Business logs can now be transformed with the 2.0 Flink+Hologres architecture.
- The previous terabyte log volume was completely stress-free in the low-latency computing framework of Flink polymer. For example, a link between HDFS and Spark of Flume was directly abandoned and replaced by Flink. We only need to maintain a Flink computing framework.
- Device status data is collected as unstructured data that needs to be cleaned and then returned to Kafka because consumers can be diverse, making it easy for multiple downstream consumers to subscribe at the same time.
- In the previous scenario, the hardware system needs to query the status of tens of millions of devices (charging banks) in high concurrency and real-time, which requires high service capability. Hologres provides high concurrent read and write ability, establishes the primary key table associated with status devices, and updates status in real time to meet the real-time query of devices (charge banks) by CRM system.
- At the same time, Hologres will also store the latest hot spot details of the data, directly provide external services.
(IV) Business support effect
Through the new solution of Flink+Hologres, we support three scenarios: 1) The real-time large screen business level can iterate diversified requirements more efficiently, while reducing the development, operation and maintenance costs. 2) Unified data service through an HSAP system to achieve service/analysis integration, to avoid data islands, consistency, security and other problems. 3) Real-time data warehouse meets the increasingly high requirements for data timeliness in enterprise operation, with second-level response.
5. Future planning
With the business iteration, we have two major plans for the big data platform in the future: integration of streaming and batch and improvement of real-time data warehouse.

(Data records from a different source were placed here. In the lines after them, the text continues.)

Lemma tseq_inj : injective (@tseq t n).
Proof.
case=> k1 s1 [k2 s2]; rewrite /tseq /= => E.
have kk : k1 = k2 by apply: val_inj; rewrite /= -(size_tuple s1) -(size_tuple s2) E.
by subst k2; have -> : s1 = s2 by apply: val_inj.
Qed.

(* The element of T_{t,n} with word q (any element if |q| > n). *)
Definition toT (q : seq 'I_t) : Tt t n :=
  odflt (existT _ ord0 [tuple]) [pick T : Tt t n | tseq T == q].

Lemma tseq_toT q : (size q <= n)%N -> tseq (toT q) = q.
Proof.
rewrite -ltnS => H; rewrite /toT; case: pickP => [T /eqP //|].
by move/(_ (existT _ (Ordinal H) (in_tuple q))); rewrite /tseq /= eqxx.
Qed.

Definition rp (a : Rees P t n) : P := (val a).1.
Definition rq (a : Rees P t n) : seq 'I_t := tseq (val a).2.

Lemma rq_rank (a : Rees P t n) : (size (rq a) <= rankP (rp a))%N.
Proof. exact: (valP a). Qed.

Lemma rees_leE (a b : Rees P t n) : rees_le a b =
  [&& rp a <= rp b, prefix (rq a) (rq b)
    & (rankP (rp a) + size (rq b) <= rankP (rp b) + size (rq a))%N].
Proof. by case: a => [[? ?] ?]; case: b => [[? ?] ?]. Qed.

Lemma rees_eq (a b : Rees P t n) : rp a = rp b -> rq a = rq b -> a = b.
Proof.
case: a => [[? ?] ?]; case: b => [[? ?] ?]; rewrite /rp /rq /= => E1 E.
by apply: val_inj; rewrite /= E1 (tseq_inj E).
Qed.

Lemma rees_ok_nil (x : P) : rees_ok (x, toT [::]).
Proof. by rewrite /rees_ok /= tseq_toT. Qed.

(* mkR x q is the element (x, q) of P * T_{t,n}, provided |q| <= rankP x. *)
Definition mkR (x : P) (q : seq 'I_t) : Rees P t n :=
  insubd (exist _ (x, toT [::]) (rees_ok_nil x)) (x, toT q).

Lemma mkR_p x q : rp (mkR x q) = x.
Proof. by rewrite /rp /mkR /insubd; case: insubP => [u _ ->|]. Qed.

Lemma mkR_q x q : (size q <= rankP x)%N -> rq (mkR x q) = q.
Proof.
move=> H; have Hq : (size q <= n)%N by apply: leq_trans H (Hn x).
have ok : (x, toT q) \in rees_ok (t:=t) (n:=n) by rewrite unfold_in /rees_ok /= tseq_toT.
by rewrite /rq /mkR (insubdK _ ok) /= tseq_toT.
Qed.

Lemma mkR_val (a : Rees P t n) : mkR (rp a) (rq a) = a.
Proof. by apply: rees_eq; rewrite ?mkR_p ?mkR_q // rq_rank. Qed.

Lemma rees_le_eqp (a b : Rees P t n) : rees_le a b -> rp a = rp b -> a = b.
Proof.
rewrite rees_leE => /and3P[_ pre rk] E; apply: rees_eq => //.
by apply: prefix_size_eq pre _; rewrite E leq_add2l in rk.
Qed.

Lemma rees_lt_p (a b : Rees P t n) : ltR a b -> rp a < rp b.
Proof.
case/andP => nab ab; have := ab; rewrite rees_leE => /and3P[pab _ _].
rewrite lt_neqAle pab andbT; apply: contra nab => /eqP E.
by rewrite (rees_le_eqp ab E).
Qed.

Lemma rees_below (a : Rees P t n) z : z < rp a -> exists2 c, rp c = z & ltR c a.
Proof.
move=> za; have rz := rank_lt SP za; have ra := rq_rank a.
pose c := mkR z (take (size (rq a) - (rankP (rp a) - rankP z)) (rq a)).
have Hq : rq c = take (size (rq a) - (rankP (rp a) - rankP z)) (rq a).
  by rewrite mkR_q // size_take_min; lia.
exists c; first exact: mkR_p.
rewrite /ltr rees_leE mkR_p Hq (ltW za) prefix_take size_take_min /= andbC.
apply/andP; split; first lia.
by apply/eqP => E; move: za; rewrite -E mkR_p ltxx.
Qed.
Lemma gsrc1 : s 1 = 1. Proof. exact/ghom1/gsrcM. Qed.
Lemma gtgt1 : t 1 = 1. Proof. exact/ghom1/gtgtM. Qed.
Lemma gid1 : u 1 = 1. Proof. exact/ghom1/gidM. Qed.
Lemma gsrcV g : s g^-1 = (s g)^-1. Proof. exact/ghomV/gsrcM. Qed.
Lemma gtgtV g : t g^-1 = (t g)^-1. Proof. exact/ghomV/gtgtM. Qed.
Lemma gidV x : u x^-1 = (u x)^-1. Proof. exact/ghomV/gidM. Qed.

Lemma gsrc_gid x : s (u x) = x.
Proof. by case: HG => [[_ [_ [_ [_ [idP _]]]]] _]; case: (idP x I). Qed.

Lemma gtgt_gid x : t (u x) = x.
Proof. by case: HG => [[_ [_ [_ [_ [idP _]]]]] _]; case: (idP x I). Qed.

Lemma gcomp_gidl h : c (u (s h)) h = h.
Proof. by case: HG => [[_ [_ [_ [_ [_ [_ [_ [unitP _]]]]]]]] _]; case: (unitP h I). Qed.

Lemma gcomp_gidr g : c g (u (t g)) = g.
Proof. by case: HG => [[_ [_ [_ [_ [_ [_ [_ [unitP _]]]]]]]] _]; case: (unitP g I). Qed.

Lemma gcomp_interchange g h g' h' : t g = s h -> t g' = s h' ->
  c (g * g') (h * h') = c g h * c g' h'.
Proof. by case: HG => _ [_ [_ [_ [_ [_ interchange]]]]]; exact: interchange. Qed.

Lemma gcompE g h : t g = s h -> c g h = g * (u (t g))^-1 * h.
Proof.
move=> tg_sh; set a := g * (u (t g))^-1.
have ta : t a = 1 by rewrite /a gtgtM gtgtV gtgt_gid mulgV.
have -> : c g h = c (a * u (t g)) (1 * h) by rewrite /a mulgVK mul1g.
rewrite gcomp_interchange ?gtgt_gid ?ta ?gsrc1 //.
have -> : c a 1 = a by rewrite -gid1 -ta gcomp_gidr.
by rewrite tg_sh gcomp_gidl.
Qed.

Lemma gcompE_gid g h x : x^-1 * t g = s h -> c g (u x * h) = g * (u (s h))^-1 * h.
Proof.
move=> tg_sh; have tg : t g = x * s h by rewrite -tg_sh mulVKg.
by rewrite gcompE ?gsrcM ?gsrc_gid // tg gidM invgM !mulgA mulgVK.
Qed.

Lemma ginvE g : ginv g = u (t g) * g^-1 * u (s g).
Proof.
case: HG => [[_ [_ [_ [_ [_ [_ [_ [_ invP]]]]]]]] _]; case: (invP g I) => sg [_ [gginv _]].
move: gginv; rewrite gcompE ?sg // => <-.
by rewrite !mulgA mulgVK mulgV mul1g.
Qed.

Lemma peiffer e k : s e = 1 -> t k = 1 -> e * k = k * e.
Proof.
move=> se tk.
have ck1 : c k 1 = k by rewrite -gid1 -tk gcomp_gidr.
have c1e : c 1 e = e by rewrite -gid1 -se gcomp_gidl.
have ke : c (k * 1) (1 * e) = k * e.
  by rewrite gcomp_interchange ?tk ?gsrc1 ?gtgt1 ?se // ck1 c1e.
have ek : c (1 * k) (e * 1) = e * k.
  by rewrite gcomp_interchange ?tk ?gsrc1 ?gtgt1 ?se // ck1 c1e.
by rewrite -ek -ke !mulg1 !mul1g.
Qed.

- At present, the big data platform is generally a mixture of offline architecture and real-time architecture. In the future, redundant offline code architecture will be abandoned and Flink’s streaming and batch integrated unified computing engine will be used.

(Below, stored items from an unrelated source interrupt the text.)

From HB Require Import structures.
From mathcomp Require Import all_boot all_order all_algebra.
From mathcomp Require Import boolp reals ring zify.
Set Implicit Arguments. Unset Strict Implicit. Unset Printing Implicit Defensive.
Import Order.TTheory GRing.Theory Num.Theory.
Local Open Scope ring_scope.

(* [bcircz] is multiplicative and sends the identity tensor to the identity
   matrix: block (p, q) of [bcircz A] is A_d(p - q) + j A_c(p + q) (slices mod
   n3), and since j z = conj(z) j for complex z, multiplying two such block
   matrices reproduces the same pattern for A *_Q B after a cyclic reindexing
   of the sums.  Hence the three Drazin equations for A, A^D with exponent k
   hold for M = bcircz A, X = bcircz A^D.  For quaternion matrices these
   equations already force X = M^D, whatever k is: M^k = M^(k+1) X gives
   rank M^(k+1) = rank M^k, so m = Ind M exists; rank M^(m+1) = rank M^m
   yields M^m = M^(m+1) Y, hence M^m = M^(m+k) Y^k, and then
   M^m X M = X M M^(m+k) Y^k = M^k M^m Y^k = M^m.  Rank facts are proved from
   the definition of rank as a maximal number of right independent columns,
   via Gaussian elimination over the skew field of quaternions. *)

Section QuaternionRank.
Variable R : realType.
Local Notation H := (quat R).

Lemma qmulE (x y : H) : x * y = qmul x y. Proof. by []. Qed.
Lemma qaddE (x y : H) : x + y = qadd x y. Proof. by []. Qed.

Definition qinv (x : H) : H :=
  let r := (qnorm2 x)^-1 in Quat (q0 x * r) (- q1 x * r) (- q2 x * r) (- q3 x * r).

Lemma qnorm2_neq0 (x : H) : x != 0 -> qnorm2 x != 0.
Proof.
case: x => a b c d; rewrite /qnorm2 /=; apply: contraNN.
rewrite !paddr_eq0 ?addr_ge0 ?sqr_ge0 // !sqrf_eq0.
by case/andP => /andP[] /andP[] /eqP-> /eqP-> /eqP-> /eqP->.
Qed.

Lemma qmulV (x : H) : x != 0 -> x * qinv x = 1.
Proof.
move=> /qnorm2_neq0; case: x => a b c d; rewrite /qnorm2 /= => nz.
by rewrite qmulE /qmul /qinv /qnorm2 /=; congr Quat; field.
Qed.

Definition col_supp n (c : 'cV[H]_n) (S : {set 'I_n}) :=
  forall j, j \notin S -> c j ord0 = 0.

(* Column operation clearing row [i0] of [E] with the pivot [E i0 j]. *)
Definition pivot_mx m k (E : 'M[H]_(m, k)) i0 j : 'M[H]_k :=
  1%:M - \matrix_(x, l) (if x == j then qinv (E i0 j) * E i0 l else 0).

Lemma pivot_mx_row m k (E : 'M[H]_(m, k)) i0 j l :
  E i0 j != 0 -> (E *m pivot_mx E i0 j) i0 l = 0.
Proof.
move=> Ej; rewrite mulmxBr mulmx1 !mxE (bigD1 j) //= big1 => [|x xj]; last first.
  by rewrite mxE (negbTE xj) mulr0.
by rewrite mxE eqxx addr0 mulrA qmulV // mul1r subrr.
Qed.

Lemma pivot_mxE m k (E : 'M[H]_(m, k)) i0 j (c : 'cV[H]_k) x :
  x != j -> (pivot_mx E i0 j *m c) x ord0 = c x ord0.
Proof.
move=> xj; rewrite mulmxBl mul1mx !mxE big1 ?subr0 // => y _.
by rewrite mxE (negbTE xj) mul0r.
Qed.

Lemma underdetermined_kernel m k (E : 'M[H]_(m, k)) (Rw : {set 'I_m}) (S : {set 'I_k}) :
  (#|Rw| < #|S|)%N ->
  exists c : 'cV[H]_k,
    [/\ c != 0, col_supp c S & forall i, i \in Rw -> (E *m c) i ord0 = 0].
Proof.
move cR: #|Rw| => t; elim: t E Rw S cR => [|t IH] E Rw S cR ltS.
  have [j jS] : exists j, j \in S by apply/set0Pn; rewrite -card_gt0.
  exists (delta_mx j ord0); split.
  - by apply/eqP => /matrixP/(_ j ord0)/eqP; rewrite !mxE !eqxx oner_eq0.
  - by move=> j' j'S; rewrite mxE; case: eqP => // ej; rewrite ej jS in j'S.
  - by move=> i; rewrite (card0_eq cR).
have [i0 i0R] : exists i0, i0 \in Rw by apply/set0Pn; rewrite -card_gt0 cR.
have cR' : #|Rw :\ i0| = t by move: cR; rewrite (cardsD1 i0) i0R => -[].
have E_Rw c : (E *m c) i0 ord0 = 0 -> (forall i, i \in Rw :\ i0 -> (E *m c) i ord0 = 0) ->
    forall i, i \in Rw -> (E *m c) i ord0 = 0.
  by move=> c0 cR'0 i iR; case: (eqVneq i i0) => [->//|ii0]; rewrite cR'0 // !inE ii0.
case: (pickP (fun j => (j \in S) && (E i0 j != 0))) => [j /andP[jS Ej] | noPivot].
  have ltS' : (t < #|S :\ j|)%N by rewrite (cardsD1 j S) jS in ltS.
  have [c [c_nz cS Ec]] := IH (E *m pivot_mx E i0 j) _ _ cR' ltS'.
  exists (pivot_mx E i0 j *m c); split.
  - apply: contra c_nz => /eqP Pc0; apply/eqP/matrixP => x y; rewrite (ord1 y) mxE.
    case: (eqVneq x j) => [->|xj]; first by apply: cS; rewrite !inE eqxx.
    by rewrite -(pivot_mxE E i0 c xj) Pc0 mxE.
  - move=> x xS; have xj : x != j by apply: contraNneq xS => ->.
    by rewrite pivot_mxE // cS // !inE negb_and xS orbT.
  - apply: E_Rw => [|i iR]; last by rewrite mulmxA Ec.
    by rewrite mulmxA mxE big1 // => l _; rewrite pivot_mx_row // mul0r.
have [c [c_nz cS Ec]] := IH E _ S cR' (ltnW ltS).
exists c; split => //; apply: E_Rw => //.
rewrite mxE big1 // => l _; case: (boolP (l \in S)) => lS; last by rewrite cS // mulr0.
by move: (noPivot l); rewrite lS /= => /negbFE/eqP ->; rewrite mul0r.
Qed.

Lemma col_indep_set0 m p (A : 'M[H]_(m, p)) : col_indep A set0.
Proof. by move=> c cS _; apply/matrixP => i j; rewrite (ord1 j) cS ?inE // mxE. Qed.

Lemma leq_card_qrank m p (A : 'M[H]_(m, p)) S : col_indep A S -> (#|S| <= qrank A)%N.
Proof.
by move=> indS; apply: (@leq_bigmax_cond _ (fun S => `[< col_indep A S >])); exact: asboolT.
Qed.

Lemma qrank_witness m p (A : 'M[H]_(m, p)) : exists2 T, col_indep A T & #|T| = qrank A.
Proof.
have ind0 : `[< col_indep A set0 >] by apply: asboolT; exact: col_indep_set0.
have [T /asboolP indT maxT] :=
  @arg_maxnP _ set0 (fun S => `[< col_indep A S >]) (fun S : {set 'I_p} => #|S|) ind0.
exists T => //; apply/eqP; rewrite eqn_leq leq_card_qrank //=.
by apply/bigmax_leqP => S /maxT.
Qed.

Lemma max_col_indep_span m p (A : 'M[H]_(m, p)) T :
  col_indep A T -> #|T| = qrank A ->
  forall l, exists2 d : 'cV[H]_p, col_supp d T & A *m d = col l A.
Proof.
move=> indT cT l; case: (boolP (l \in T)) => lT.
  exists (delta_mx l ord0); last by rewrite colE.
  by move=> j jT; rewrite mxE; case: eqP => // ej; rewrite ej lT in jT.
apply: contrapT => nospan.
suff /leq_card_qrank : col_indep A (l |: T) by rewrite cardsU1 lT cT ltnn.
move=> c cS Ac; case: (eqVneq (c l ord0) 0) => cl0.
  apply: indT => // j jT; case: (eqVneq j l) => [->//|jl].
  by apply: cS; rewrite !inE negb_or jl jT.
exfalso; apply: nospan.
exists (\col_x (if x == l then 0 else - (c x ord0 * qinv (c l ord0)))).
  move=> x xT; rewrite mxE; case: eqP => // /eqP xl.
  by rewrite cS ?mul0r ?oppr0 // !inE negb_or xl xT.
apply/matrixP => i y; rewrite (ord1 y) !mxE.
have : (A *m c) i ord0 = 0 by rewrite Ac mxE.
rewrite mxE (bigD1 l) //= => /eqP; rewrite addrC addr_eq0 => /eqP e.
rewrite (bigD1 l) //= mxE eqxx mulr0 add0r.
under eq_bigr => x xl do rewrite mxE (negbTE xl) mulrN mulrA.
by rewrite sumrN -mulr_suml e mulNr opprK -mulrA qmulV // mulr1.
Qed.

Lemma exists_mx_cols m p q (A : 'M[H]_(m, p)) (B : 'M[H]_(m, q)) (P : 'cV[H]_p -> Prop) :
  (forall l, exists2 d, P d & A *m d = col l B) ->
  exists2 D : 'M[H]_(p, q), (forall l, P (col l D)) & A *m D = B.
Proof.
move=> cols; have /choice [f fP] : forall l, exists d, P d /\ A *m d = col l B.
  by move=> l; have [d Pd Ad] := cols l; exists d.
have colD l : col l (\matrix_(i, l) f l i ord0) = f l.
  by apply/matrixP => i y; rewrite (ord1 y) !mxE.
exists (\matrix_(i, l) f l i ord0) => [l|]; first by rewrite colD; case: (fP l).
apply/matrixP => i l; have /(congr1 (fun M : 'cV[H]_m => M i ord0)) := (fP l).2.
by rewrite !mxE => <-; apply: eq_bigr => x _; rewrite mxE.
Qed.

- In addition, we have only migrated part of the business at present, so we will refer to the previously perfect offline data warehouse index system to meet our current real-time data warehouse construction, and fully migrate to 2.0 Flink+Hologres architecture.

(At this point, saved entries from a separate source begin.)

Lemma path_trail A x p : path (eadj ends A) x p -> uniq (x :: p) ->
  exists es, [/\ size es = size p, all (mem A) es, uniq es &
    all trail_step (zip es (zip (x :: p) p))].
Proof.
elim: p x => [|y p IH] x /=; first by exists [::].
case/andP=> /existsP[g /andP[gA jg]] pp /andP[xn u].
have [es [s aA ues aj]] := IH y pp u.
exists (g :: es); split => /=; rewrite ?s ?gA ?ues ?aj ?andbT //.
apply/negP => /(trail_ends (esym s) aj).
by case/orP: jg => /eqP -> /= /andP[h1 h2]; move: xn; rewrite ?h1 ?h2.
Qed.

Lemma cycle_not_forest T v0 es vs : is_cycle ends T v0 es vs -> ~ forest ends T.
Proof.
case/and4P=> ne /eqP s u /and4P[aT /eqP l _ aj] fT.
case: es ne s u aT aj => [//|e1 es] _; case: vs l => [//|v1 vs] /= l [s].
case/andP=> e1n _ /andP[e1T aT] /andP[j1 aj].
have aT' : all (mem (T :\ e1)) es.
  apply/allP => z zin; rewrite !inE (allP aT _ zin) andbT.
  by apply: contraNneq e1n => <-.
have := trail_connect s aT' aj; rewrite l => c.
have := fT e1 e1T; case/orP: j1 => /= /eqP -> /=; rewrite ?c //.
by rewrite eadj_csym c.
Qed.

Lemma acyclic_forest T : acyclic ends T -> forest ends T.
Proof.
move=> ac f fT; apply/negP; case ab: (ends f) => [a b] /=.
have [eab|nab] := eqVneq a b.
  move=> _; subst b; apply/negP: (ac a [:: f] [:: a]).
  by rewrite /is_cycle /= fT /joins /= ab !eqxx.
case/connectP => p pp lp; move: lp; case: (shortenP pp) => p' pp' up' _ lp'.
have [es [s aA ues aj]] := path_trail pp' up'.
apply/negP: (ac b (f :: es) (a :: p')).
rewrite /is_cycle /= s eqxx /= fT -lp' eqxx negbK.
have fn : f \notin es by apply/negP => /(allP aA); rewrite !inE eqxx.
move: up' => /= ->; rewrite fn ues /= /joins /= ab !eqxx orbT /=.
apply/andP; split; last exact: aj.
by apply/allP => z /(allP aA); rewrite !inE => /andP[].
Qed.
(* Suppose glue i of P is visible from the north and glue j from the south and
   neither points east; being horizontal, both point west.  If i = j, every
   horizontal edge of P crossing the column of the glue lies at its height, so
   P, which continues west of that column and ends east of it (its last tile is
   easternmost), could only cross back through the glue edge itself.  If i < j,
   the upward ray from glue i, the part of P between the two glues and the
   downward ray from glue j form a bi-infinite simple curve; right after glue j
   the path is on its western side, its last tile is on its eastern side, and
   the rest of the path never crosses the curve.  The case i > j is the case
   i < j reflected in the x-axis.  Sides of curves are computed as crossing
   parities. *)

Ltac case_Zbool := repeat match goal with
  | |- context [Z.eqb ?a ?b] => destruct (Z.eqb_spec a b)
  | |- context [Z.ltb ?a ?b] => destruct (Z.ltb_spec a b)
  | |- context [Z.leb ?a ?b] => destruct (Z.leb_spec a b)
  end.

Lemma pair_neq (a b c d : Z) : (a, b) <> (c, d) -> ~ (a = c /\ b = d).
Proof. intros H [-> ->]; apply H; reflexivity. Qed.

Ltac solve_Zbool :=
  repeat match goal with H : (_, _) <> (_, _) |- _ => apply pair_neq in H end;
  case_Zbool; simpl; first [reflexivity | exfalso; lia].

Lemma chain_eq {A : Type} (g : nat -> A) lo hi :
  (lo <= hi)%nat -> (forall e, (lo <= e < hi)%nat -> g e = g (S e)) -> g lo = g hi.
Proof.
  intros Hle Hstep. induction hi as [|hi IH].
  - now replace lo with 0%nat by lia.
  - destruct (Nat.eq_dec lo (S hi)) as [->|Hne]; [reflexivity|].
    rewrite IH; [apply Hstep; lia | lia | intros; apply Hstep; lia].
Qed.

Fixpoint xor_range (f : nat -> bool) (lo n : nat) : bool :=
  match n with O => false | S n' => xorb (f lo) (xor_range f (S lo) n') end.

Lemma xor_range_ext f g lo n :
  (forall e, (lo <= e < lo + n)%nat -> f e = g e) -> xor_range f lo n = xor_range g lo n.
Proof.
  revert lo; induction n as [|n IH]; intros lo H; simpl; [reflexivity|].
  rewrite H, IH by (intros; try apply H; lia). reflexivity.
Qed.

Lemma xor_range_true f lo n :
  xor_range f lo n = true -> exists e, (lo <= e < lo + n)%nat /\ f e = true.
Proof.
  revert lo; induction n as [|n IH]; intros lo H; simpl in H; [discriminate|].
  destruct (f lo) eqn:Hf.
  - exists lo; split; [lia | exact Hf].
  - destruct (IH (S lo) H) as [e [He Hfe]]. exists e; split; [lia | exact Hfe].
Qed.

Lemma xor_range_false f lo n :
  (forall e, (lo <= e < lo + n)%nat -> f e = false) -> xor_range f lo n = false.
Proof.
  intros H. destruct (xor_range f lo n) eqn:E; [|reflexivity].
  destruct (xor_range_true f lo n E) as [e [He Hfe]]. now rewrite H in Hfe.
Qed.

Lemma xor_range_xorb f g lo n :
  xor_range (fun e => xorb (f e) (g e)) lo n = xorb (xor_range f lo n) (xor_range g lo n).
Proof.
  revert lo; induction n as [|n IH]; intros lo; simpl; [reflexivity|].
  rewrite IH. destruct (f lo), (g lo), (xor_range f (S lo) n), (xor_range g (S lo) n); reflexivity.
Qed.

Lemma xor_range_telescope h lo n :
  xor_range (fun e => xorb (h e) (h (S e))) lo n = xorb (h lo) (h (lo + n)%nat).
Proof.
  revert lo; induction n as [|n IH]; intros lo; simpl.
  - rewrite Nat.add_0_r. now destruct (h lo).
  - rewrite IH. replace (S lo + n)%nat with (lo + S n)%nat by lia.
    now destruct (h lo), (h (S lo)), (h (lo + S n)%nat).
Qed.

Through future planning, we hope to build a more perfect real-time data warehouse together with Flink fully managed and Hologres, but we also have a further demand for it:
(I) Demand for full hosting of Flink
The SQL editor in Flink is very efficient and convenient to write FlinkSQL jobs, and also provides many common SQL upstream and downstream connectors to meet development needs. However, there are still some requirements that we hope Flink full hosting will support in future iterations:
- SQL job versioning and compatibility monitoring;
- SQL jobs support hive3.x integration;
- DataStream jobs are easily packaged and resource packages are uploaded faster.
- Session Tasks deployed in cluster mode support automatic tuning.
Hologres not only supports real-time write and query with high concurrency, but also is compatible with the PostgreSQL ecosystem, making it easy to access and use unified data services. However, there are a few requirements that Hologres would like to support in later iterations:
- Supports hot upgrade to reduce impact on services.
- Support data table backup, support read and write separation;
- Support accelerated query ali cloud EMR-Hive number warehouse;
- Supports computing resource management for user groups.